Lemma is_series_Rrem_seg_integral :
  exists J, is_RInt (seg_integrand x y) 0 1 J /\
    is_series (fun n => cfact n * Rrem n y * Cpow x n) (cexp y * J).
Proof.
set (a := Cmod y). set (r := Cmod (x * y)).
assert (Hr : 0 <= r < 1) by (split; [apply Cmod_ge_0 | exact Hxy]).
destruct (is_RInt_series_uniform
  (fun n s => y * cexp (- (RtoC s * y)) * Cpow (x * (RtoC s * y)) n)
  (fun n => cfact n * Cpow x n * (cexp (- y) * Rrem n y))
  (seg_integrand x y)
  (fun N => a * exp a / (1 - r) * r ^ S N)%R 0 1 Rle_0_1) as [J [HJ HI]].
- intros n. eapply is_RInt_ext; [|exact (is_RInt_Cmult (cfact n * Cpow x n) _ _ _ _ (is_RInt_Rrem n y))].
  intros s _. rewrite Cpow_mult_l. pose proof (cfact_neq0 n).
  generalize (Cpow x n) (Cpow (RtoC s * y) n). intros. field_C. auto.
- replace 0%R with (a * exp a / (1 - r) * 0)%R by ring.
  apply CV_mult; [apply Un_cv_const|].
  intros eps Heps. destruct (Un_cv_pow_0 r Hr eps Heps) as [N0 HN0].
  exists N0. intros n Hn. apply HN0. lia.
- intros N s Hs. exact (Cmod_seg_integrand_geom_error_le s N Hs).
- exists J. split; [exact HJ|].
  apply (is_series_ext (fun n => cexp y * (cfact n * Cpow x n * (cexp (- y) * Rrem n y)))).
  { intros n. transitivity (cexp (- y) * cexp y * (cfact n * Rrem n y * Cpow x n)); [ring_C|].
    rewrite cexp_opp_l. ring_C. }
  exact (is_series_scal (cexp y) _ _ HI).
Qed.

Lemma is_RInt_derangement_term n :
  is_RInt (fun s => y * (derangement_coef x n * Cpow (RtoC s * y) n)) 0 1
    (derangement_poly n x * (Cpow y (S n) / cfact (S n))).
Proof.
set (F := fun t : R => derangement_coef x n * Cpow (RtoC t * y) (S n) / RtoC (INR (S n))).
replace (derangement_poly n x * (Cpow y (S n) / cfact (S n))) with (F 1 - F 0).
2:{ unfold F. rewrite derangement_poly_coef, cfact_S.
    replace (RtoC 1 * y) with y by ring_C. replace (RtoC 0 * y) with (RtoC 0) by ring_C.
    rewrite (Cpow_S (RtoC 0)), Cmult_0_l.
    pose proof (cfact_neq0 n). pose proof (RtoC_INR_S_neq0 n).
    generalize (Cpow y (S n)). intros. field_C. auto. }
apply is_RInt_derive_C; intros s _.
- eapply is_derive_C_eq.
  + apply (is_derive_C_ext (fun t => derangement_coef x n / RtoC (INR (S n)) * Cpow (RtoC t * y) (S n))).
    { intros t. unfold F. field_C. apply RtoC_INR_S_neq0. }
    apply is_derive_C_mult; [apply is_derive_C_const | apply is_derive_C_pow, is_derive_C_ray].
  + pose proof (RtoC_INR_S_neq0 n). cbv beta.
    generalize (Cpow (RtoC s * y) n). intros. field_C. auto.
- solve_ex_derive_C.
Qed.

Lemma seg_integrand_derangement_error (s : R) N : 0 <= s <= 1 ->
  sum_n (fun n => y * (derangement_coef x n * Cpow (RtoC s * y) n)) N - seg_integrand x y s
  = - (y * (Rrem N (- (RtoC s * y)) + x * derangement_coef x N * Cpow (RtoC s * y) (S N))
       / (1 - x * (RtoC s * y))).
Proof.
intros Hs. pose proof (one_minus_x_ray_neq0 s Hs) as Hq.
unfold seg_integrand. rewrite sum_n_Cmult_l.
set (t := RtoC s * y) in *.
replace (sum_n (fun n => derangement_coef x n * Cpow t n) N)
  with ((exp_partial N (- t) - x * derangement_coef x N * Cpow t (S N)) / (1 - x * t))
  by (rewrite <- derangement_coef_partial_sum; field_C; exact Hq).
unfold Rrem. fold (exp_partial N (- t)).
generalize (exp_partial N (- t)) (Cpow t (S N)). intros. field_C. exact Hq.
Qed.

══════════

### PROBLEM TO SOLVE
Only the lines from the start of the material through the line containing "exists N0. intros n Hn. apply HN0. lia." belong in the answer, each copied exactly.

### REPLY TO THE TASK
Lemma is_series_Rrem_seg_integral :
  exists J, is_RInt (seg_integrand x y) 0 1 J /\
    is_series (fun n => cfact n * Rrem n y * Cpow x n) (cexp y * J).
Proof.
set (a := Cmod y). set (r := Cmod (x * y)).
assert (Hr : 0 <= r < 1) by (split; [apply Cmod_ge_0 | exact Hxy]).
destruct (is_RInt_series_uniform
  (fun n s => y * cexp (- (RtoC s * y)) * Cpow (x * (RtoC s * y)) n)
  (fun n => cfact n * Cpow x n * (cexp (- y) * Rrem n y))
  (seg_integrand x y)
  (fun N => a * exp a / (1 - r) * r ^ S N)%R 0 1 Rle_0_1) as [J [HJ HI]].
- intros n. eapply is_RInt_ext; [|exact (is_RInt_Cmult (cfact n * Cpow x n) _ _ _ _ (is_RInt_Rrem n y))].
  intros s _. rewrite Cpow_mult_l. pose proof (cfact_neq0 n).
  generalize (Cpow x n) (Cpow (RtoC s * y) n). intros. field_C. auto.
- replace 0%R with (a * exp a / (1 - r) * 0)%R by ring.
  apply CV_mult; [apply Un_cv_const|].
  intros eps Heps. destruct (Un_cv_pow_0 r Hr eps Heps) as [N0 HN0].
  exists N0. intros n Hn. apply HN0. lia.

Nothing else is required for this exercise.